In BellSouth, a case involving a “yellow pages” classified business directory, we held that Donnelley Information Publishing, Inc. (“Donnelley”), “[b]y copying the name, address, telephone number, business type, and unit of advertisement purchased for each listing in the BAPCO [BellSouth Advertising & Publishing Corporation] directory ... copied no original element of selection, coordination or arrangement,” and thus Donnelley was entitled to summary judgment on BAPCO’s copyright infringement claim.29 Id. at 1446. The en banc court stated that “[wjhile BAP-CO may select the headings that are offered to the subscriber, it is the subscriber who selects from those alternatives the headings under which the subscriber will appear in the directory. The headings that actually appear in the directory thus[] do not owe their origin to BAPCO-” Id. at 1444. In this case, Warren employed a method similar to that of BAPCO in “selecting” the principal community heading under which to list the data for the multiple-community systems.30
[1520]*1520Lynn Levine, the Director of Market Research and Data Sales for Warren, stated in her deposition that Warren determines the names of the communities served by a cable system by contacting the operators of the cable systems and asking them which communities they serve. Levine dep. at 53. In addition, she stated that Warren, in gathering data for the Factbook, relied in “great part” on the questionnaire responses received from the various cable operators. Id. at 35. These acts are nothing more than techniques for the discovery of facts. Simply because Warren may have been the first to discover and report a certain fact on cable systems does not translate these acts of discovery into acts of creation entitled to copyright protection.31 See Feist, 499 U.S. at 347, 111 S.Ct. at 1288 (distinguishing creation from discovery). “Just as the Copyright Act does not protect ‘industrious collection,’ it affords no shelter to the resourceful, efficient, or creative collector.” BellSouth, 999 F.2d at 1441.

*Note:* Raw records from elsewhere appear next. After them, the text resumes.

Lemma Rpower_ge1 (x a : R) : 0 <= a * ln x -> 1 <= Rpower x a.
Proof. intros H. unfold Rpower. pose proof (exp_ineq1_le (a * ln x)). lra. Qed.

(* R sqrt gamma >= 600 (gamma^(5/4) + gamma^(-1/4)), and one of these two powers is >= 1. *)
Lemma R_sqrt_gamma_ge (gamma Rr : R) : 0 < gamma ->
  600 * (Rpower gamma (3 / 4) + Rpower gamma (- (3 / 4))) <= Rr -> 600 <= Rr * sqrt gamma.
Proof.
  intros Hgamma HRr. rewrite <- Rpower_sqrt by exact Hgamma.
  assert (Hpos : forall a, 0 < Rpower gamma a) by (intros; apply exp_pos).
  rewrite <- (Rmult_1_r 600).
  apply Rle_trans
    with (600 * (Rpower gamma (3 / 4) + Rpower gamma (- (3 / 4))) * Rpower gamma (/ 2)).
  - rewrite Rmult_assoc, Rmult_plus_distr_r, <- !Rpower_plus.
    apply Rmult_le_compat_l; [lra |].
    destruct (Rle_dec 0 (ln gamma)).
    + pose proof (Rpower_ge1 gamma (3 / 4 + / 2) ltac:(nra)).
      pose proof (Hpos (- (3 / 4) + / 2)). lra.
    + pose proof (Rpower_ge1 gamma (- (3 / 4) + / 2) ltac:(nra)).
      pose proof (Hpos (3 / 4 + / 2)). lra.
  - apply Rmult_le_compat_r; [left; apply Hpos | exact HRr].
Qed.

Lemma F_inf_0 : F_inf 0%C.
Proof. unfold F_inf. simpl. rewrite Rabs_R0. lra. Qed.

Lemma G_fun_0 (gamma Rr : R) (j : nat) : 0 < gamma -> 0 < Rr ->
  G_fun gamma j Rr 0%C = (- (PI * INR j / Rr), 0).
Proof.
  intros Hgamma HRr.
  assert (HQ : Qfrac gamma 0%C = 1%C).
  { destruct (sroot_pm_neq0 gamma 0 Hgamma F_inf_0) as [Hplus _].
    rewrite Qfrac_sroot. field.
    intros E. apply Hplus. rewrite E. apply injective_projections; simpl; ring. }
  unfold G_fun, A_fun, B_fun. rewrite HQ, Cmod_1, ln_1.
  change (arg_m 1%C) with (arg_m (1, 0)). rewrite arg_m_re_pos by lra.
  rewrite Rdiv_0_l, atan_0. f_equal; field; lra.
Qed.

Lemma F_inf_of_ball (c : R) (v : C) : 0 < c -> 0 <= snd v -> dist1 v (- c, 0) <= c / 2 -> F_inf v.
Proof. destruct v as [x y]. unfold F_inf, dist1. simpl. intros. split_Rabs; lra. Qed.

Lemma seq_closed_F_inf : seq_closed F_inf.
Proof.
  intros u l Hu Hl. unfold F_inf. repeat split.
  - apply (seq_closed_lipschitz_le0 fst 1) with u; [lra | | apply Hu | exact Hl].
    intros a b. unfold dist1. split_Rabs; lra.
  - enough (- snd l <= 0) by lra.
    apply (seq_closed_lipschitz_le0 (fun w => - snd w) 1) with u; [lra | | | exact Hl].
    + intros a b. unfold dist1. split_Rabs; lra.
    + intros n. destruct (Hu n) as (_ & H & _). lra.
  - enough (2 * snd l - Rabs (fst l) <= 0) by lra.
    apply (seq_closed_lipschitz_le0 (fun w => 2 * snd w - Rabs (fst w)) 2) with u;
      [lra | | | exact Hl].
    + intros a b. unfold dist1. split_Rabs; lra.
    + intros n. destruct (Hu n) as (_ & _ & H). lra.
Qed.

Lemma seq_closed_ball (c : C) (r : R) : seq_closed (fun w => dist1 w c <= r).
Proof.
  intros u l Hu Hl. enough (dist1 l c - r <= 0) by lra.
  apply (seq_closed_lipschitz_le0 (fun w => dist1 w c - r) 1) with u; [lra | | | exact Hl].
  - intros a b. pose proof (dist1_triangle a b c). pose proof (dist1_triangle b a c).
    rewrite (dist1_sym b a) in *. split_Rabs; lra.
  - intros n. specialize (Hu n). lra.
Qed.

Lemma A_fun_ge0 (gamma : R) (w : C) : 0 < gamma -> F_inf w -> 0 <= A_fun gamma w.
Proof.
  intros Hgamma Hw. unfold A_fun. rewrite <- ln_1.
  apply ln_le; [lra | exact (Cmod_Qfrac_ge1 gamma w Hgamma Hw)].
Qed.

Lemma PI_INR_div_pos (j : nat) (Rr : R) : (1 <= j)%nat -> 0 < Rr -> 0 < PI * INR j / Rr.
Proof.
  intros Hj HRr. pose proof (le_INR 1 j Hj). simpl in *. pose proof PI_RGT_0.
  apply Rdiv_lt_0_compat; nra.
Qed.

Lemma G_fun_ball_stable (gamma Rr : R) (j : nat) (w : C) :
  0 < gamma -> 0 < Rr -> (1 <= j)%nat -> 4 / (Rr * sqrt gamma) <= 1 / 3 ->
  let c := PI * INR j / Rr in
  F_inf w -> dist1 w (- c, 0) <= c / 2 ->
  F_inf (G_fun gamma j Rr w) /\ dist1 (G_fun gamma j Rr w) (- c, 0) <= c / 2.
Proof.
  intros Hgamma HRr Hj HL c Hw Hball. pose proof (PI_INR_div_pos j Rr Hj HRr) as Hc. fold c in Hc.
  assert (Hdist : dist1 (G_fun gamma j Rr w) (- c, 0) <= c / 2).
  { unfold c. rewrite <- (G_fun_0 gamma Rr j Hgamma HRr). fold c.
    eapply Rle_trans; [exact (G_fun_lipschitz gamma Rr j 0 w Hgamma HRr F_inf_0 Hw) |].
    pose proof (dist1_triangle w (- c, 0) 0%C).
    assert (dist1 (- c, 0) 0%C = c) by (unfold dist1; simpl; split_Rabs; lra).
    pose proof (dist1_ge0 w 0%C). pose proof (sqrt_lt_R0 _ Hgamma).
    assert (0 <= 4 / (Rr * sqrt gamma)) by (apply Rlt_le, Rdiv_lt_0_compat; nra).
    nra. }
  split; [| exact Hdist].
  apply (F_inf_of_ball c); [exact Hc | | exact Hdist].
  unfold G_fun. simpl. apply Rdiv_le_0_compat; [apply A_fun_ge0; assumption | lra].
Qed.

Lemma F_j_of_fixed_point (gamma Rr : R) (j : nat) (w : C) :
  0 < Rr -> F_inf w -> w = G_fun gamma j Rr w -> F_j gamma j w.
Proof.
  intros HRr Hw Hfix. split; [exact Hw |].
  assert (HA : A_fun gamma w = 2 * Rr * snd w) by (rewrite Hfix at 2; simpl; field; lra).
  assert (HB : B_fun gamma j w = - (2 * Rr) * fst w) by (rewrite Hfix at 2; simpl; field; lra).
  destruct (F_inf_elim w Hw) as (H1 & H2 & H3).
  rewrite HA, HB, Rabs_right by nra. nra.
Qed.

Lemma G_fun_fixed_point_index (gamma Rr : R) (j k : nat) (w : C) :
  0 < Rr -> w = G_fun gamma j Rr w -> w = G_fun gamma k Rr w -> j = k.
Proof.
  intros HRr Hj Hk. apply INR_eq.
  assert (E : fst (G_fun gamma j Rr w) = fst (G_fun gamma k Rr w)) by now rewrite <- Hj, <- Hk.
  unfold G_fun, B_fun in E. simpl in E. pose proof PI_RGT_0.
  apply (Rmult_eq_reg_l (2 * PI)); [| lra].
  apply (Rmult_eq_reg_r (/ (2 * Rr))); [| apply Rinv_neq_0_compat; lra].
  unfold Rdiv in E. lra.
Qed.

Lemma G_fun_fixed_point_exists (gamma Rr : R) (j : nat) :
  0 < gamma -> 0 < Rr -> (1 <= j)%nat -> 4 / (Rr * sqrt gamma) <= 1 / 3 ->
  exists w, F_inf w /\ G_fun gamma j Rr w = w.
Proof.
  intros Hgamma HRr Hj HL. pose proof (sqrt_lt_R0 _ Hgamma).
  pose proof (PI_INR_div_pos j Rr Hj HRr) as Hc. set (c := PI * INR j / Rr) in *.
  destruct (contraction_fixed_point (fun w => F_inf w /\ dist1 w (- c, 0) <= c / 2)
              (G_fun gamma j Rr) (4 / (Rr * sqrt gamma)) (- c, 0)) as (w & (Hw & _) & Hfix).
  - split; [apply Rlt_le, Rdiv_lt_0_compat; nra | lra].
  - apply seq_closed_and; [exact seq_closed_F_inf | apply seq_closed_ball].
  - split; [apply (F_inf_of_ball c); simpl; try lra |]; unfold dist1; simpl; split_Rabs; lra.
  - intros w [Hw Hball]. exact (G_fun_ball_stable gamma Rr j w Hgamma HRr Hj HL Hw Hball).
  - intros a b [Ha _] [Hb _]. apply G_fun_lipschitz; assumption.
  - now exists w.
Qed.

Theorem proposition2p3 (gamma Rr : R) :
  0 < gamma ->
  600 * (Rpower gamma (3 / 4) + Rpower gamma (- (3 / 4))) <= Rr ->
  (forall j : nat, (1 <= j)%nat ->
     exists w : C,
       F_inf w /\ w = G_fun gamma j Rr w /\
       (forall w' : C, F_inf w' -> w' = G_fun gamma j Rr w' -> w' = w) /\
       F_j gamma j w) /\
  (forall (j k : nat) (w1 w2 : C), (1 <= j)%nat -> (1 <= k)%nat -> j <> k ->
     F_inf w1 -> w1 = G_fun gamma j Rr w1 ->
     F_inf w2 -> w2 = G_fun gamma k Rr w2 -> w1 <> w2).
Proof.
  intros Hgamma HR.
  pose proof (R_sqrt_gamma_ge gamma Rr Hgamma HR) as HRs. pose proof (sqrt_lt_R0 _ Hgamma).
  assert (HRr : 0 < Rr) by nra.
  assert (HL : 4 / (Rr * sqrt gamma) <= 1 / 3) by (apply Rle_div_l; nra).
  assert (HL0 : 0 < 4 / (Rr * sqrt gamma)) by (apply Rdiv_lt_0_compat; nra).
  split.
  - intros j Hj.
    destruct (G_fun_fixed_point_exists gamma Rr j Hgamma HRr Hj HL) as (w & Hw & Hfix).
    exists w. split; [exact Hw |]. split; [now symmetry |]. split.
    + intros w' Hw' Hfix'.
      apply (contraction_fixed_point_unique F_inf (G_fun gamma j Rr) (4 / (Rr * sqrt gamma)));
        [split; lra | intros a b Ha Hb; now apply G_fun_lipschitz | exact Hw' | exact Hw
        | now symmetry | exact Hfix].
    + apply (F_j_of_fixed_point gamma Rr); [exact HRr | exact Hw | now symmetry].
  - intros j k w1 w2 _ _ Hjk _ Hfix1 _ Hfix2 ->.
    exact (Hjk (G_fun_fixed_point_index gamma Rr j k w2 HRr Hfix1 Hfix2)).
Qed.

The record indicates that it is the cable operators, not Warren, that determine, in the case of a multiple-community system, the community name under which to list the factual data for the entire cable system. Therefore, Warren cannot prevail in its claim that it undertakes original selection in employing the principal community concept. Rather, it has created an effective system for determining where the cable operators prefer to have the data listed. While Warren may have found an efficient method of gathering this information, it lacks originality, which is the sine qua non of copyright. See Feist, 499 U.S. at 345, 111 S.Ct. at 1287. Thus, the district court erred in finding that Warren’s principal community “system” was sufficiently creative and original to be entitled to copyright protection.
III. CONCLUSION
The district court erred in granting Warren a preliminary injunction based on its erroneous ruling on the principal community selection issue. Although the record indicates that Mierodos’s choices as to where to list the factual data on cable systems had an extremely high correlation with Warren’s principal community listings, Microdos cop[1521]*1521ied no original selection, coordination, or arrangement of Warren’s factual compilation. Warren thus failed to show a substantial likelihood of success on the merits. We therefore VACATE the preliminary injunction entered by the district court and REMAND for proceedings consistent with this opinion.